Your instructions:
Take the line that contains "Lemma survival_bound_le1 s" and each line after it in the material below, and transcribe them exactly, stopping at the end.
______
Definition cylinder k (s : nat -> nat * nat) :=
  [set w | forall i, (i <= k)%N -> (X i w, Y i w) = s i].

Definition alive i := [set w | (0 < minn (X i w) (Y i w))%N].

Definition alive_between k j := [set w | forall i, (k < i <= k + j)%N -> alive i w].

Lemma alive_between0 k : alive_between k 0 = setT.
Proof. by apply/seteqP; split => // w _ i; rewrite addn0; lia. Qed.

Lemma alive_betweenS k j :
  alive_between k j.+1 = alive k.+1 `&` alive_between k.+1 j.
Proof.
apply/seteqP; split => w.
  by move=> alive_w; split => [|i ik]; apply: alive_w; lia.
move=> [alive_k1 alive_w] i ik; have [->|ne] := eqVneq i k.+1; first exact: alive_k1.
by apply: alive_w; lia.
Qed.

Lemma measurable_state i s : measurable [set w | (X i w, Y i w) = s].
Proof.
case: s => a b; rewrite (_ : [set w | _] = [set w | X i w = a] `&` [set w | Y i w = b]).
  exact: measurableI.
by apply/seteqP; split => w /= => [[-> ->]|[-> ->]].
Qed.

Lemma measurable_cylinder k s : measurable (cylinder k s).
Proof. by apply: bigcap_measurableType => i _; exact: measurable_state. Qed.

Lemma measurable_alive i : measurable (alive i).
Proof.
rewrite (_ : alive i = ~` [set w | X i w = 0%N] `&` ~` [set w | Y i w = 0%N]).
  by apply: measurableI; apply: measurableC.
by apply/seteqP; split => w; rewrite /alive /=; lia.
Qed.

Lemma measurable_alive_between k j : measurable (alive_between k j).
Proof. by apply: bigcap_measurableType => i _; exact: measurable_alive. Qed.

Lemma measurable_cylinder_alive_between k s j :
  measurable (cylinder k s `&` alive_between k j).
Proof. exact: measurableI (measurable_cylinder k s) (measurable_alive_between k j). Qed.

End Events.

Section Survival.
Local Set Implicit Arguments.
Local Unset Strict Implicit.
Variables (R : realType) (p q e : R).
Hypotheses (p01 : 0 <= p <= 1) (q01 : 0 <= q <= 1) (e0 : 0 <= e) (e1 : e <= 1)
  (pgf1_le : min_pgf p q e 1 <= e).
Variables (d : measure_display) (T : measurableType d) (P : probability T R)
  (X Y : nat -> T -> nat).
Hypotheses (mX : forall n k, measurable [set w | X n w = k])
  (mY : forall n k, measurable [set w | Y n w = k]).

Definition path_weight k (s : nat -> nat * nat) : R :=
  (if s 0%N == (1%N, 1%N) then 1 else 0) * \prod_(i < k) coop_kernel p q (s i) (s i.+1).

Hypothesis law : forall k s, P (cylinder X Y k s) = (path_weight k s)%:E.

Definition extend_path (s : nat -> nat * nat) k (x : nat * nat) :=
  fun i => if i == k.+1 then x else s i.

Definition survival_bound (s : nat * nat) : R := 1 - e ^+ minn s.1 s.2.

Lemma path_weight_ge0 k s : 0 <= path_weight k s.
Proof. by rewrite -lee_fin -law measure_ge0. Qed.

Lemma path_weight_extend k s x :
  path_weight k.+1 (extend_path s k x) = path_weight k s * coop_kernel p q (s k) x.
Proof.
rewrite /path_weight big_ord_recr /= /extend_path eqxx -mulrA (ltn_eqF (ltnSn k)).
congr (_ * (_ * _)); apply: eq_bigr => i _.
by rewrite !ltn_eqF ?ltnS // ltnW.
Qed.

Lemma survival_bound_le1 s : survival_bound s <= 1.
Proof. by rewrite /survival_bound lerBlDr lerDl exprn_ge0. Qed.

Lemma survival_bound_subharmonic s :
  survival_bound s <=
    \sum_(a < (2 * (s.1 + s.2)).+1) \sum_(b < (2 * minn s.1 s.2).+1)
      coop_kernel p q s (a : nat, b : nat) * survival_bound (a : nat, b : nat).
Proof.
set rhs := (X in _ <= X).
have -> : rhs = bin_mean (2 * (s.1 + s.2)) q
                  (fun a => bin_mean (2 * minn s.1 s.2) p (fun b => survival_bound (a, b))).
  rewrite /rhs /bin_mean; apply: eq_bigr => a _; rewrite mulr_sumr.
  by apply: eq_bigr => b _; rewrite /coop_kernel mulrA.
rewrite /survival_bound; under eq_bin_mean => a do rewrite bin_meanBl.
by rewrite bin_meanBl lerD2l lerN2 kernel_min_pgf_le.
Qed.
______
Result for this exercise:
Lemma survival_bound_le1 s : survival_bound s <= 1.
Proof. by rewrite /survival_bound lerBlDr lerDl exprn_ge0. Qed.

Lemma survival_bound_subharmonic s :
  survival_bound s <=
    \sum_(a < (2 * (s.1 + s.2)).+1) \sum_(b < (2 * minn s.1 s.2).+1)
      coop_kernel p q s (a : nat, b : nat) * survival_bound (a : nat, b : nat).
Proof.
set rhs := (X in _ <= X).
have -> : rhs = bin_mean (2 * (s.1 + s.2)) q
                  (fun a => bin_mean (2 * minn s.1 s.2) p (fun b => survival_bound (a, b))).
  rewrite /rhs /bin_mean; apply: eq_bigr => a _; rewrite mulr_sumr.
  by apply: eq_bigr => b _; rewrite /coop_kernel mulrA.
rewrite /survival_bound; under eq_bin_mean => a do rewrite bin_meanBl.
by rewrite bin_meanBl lerD2l lerN2 kernel_min_pgf_le.
Qed.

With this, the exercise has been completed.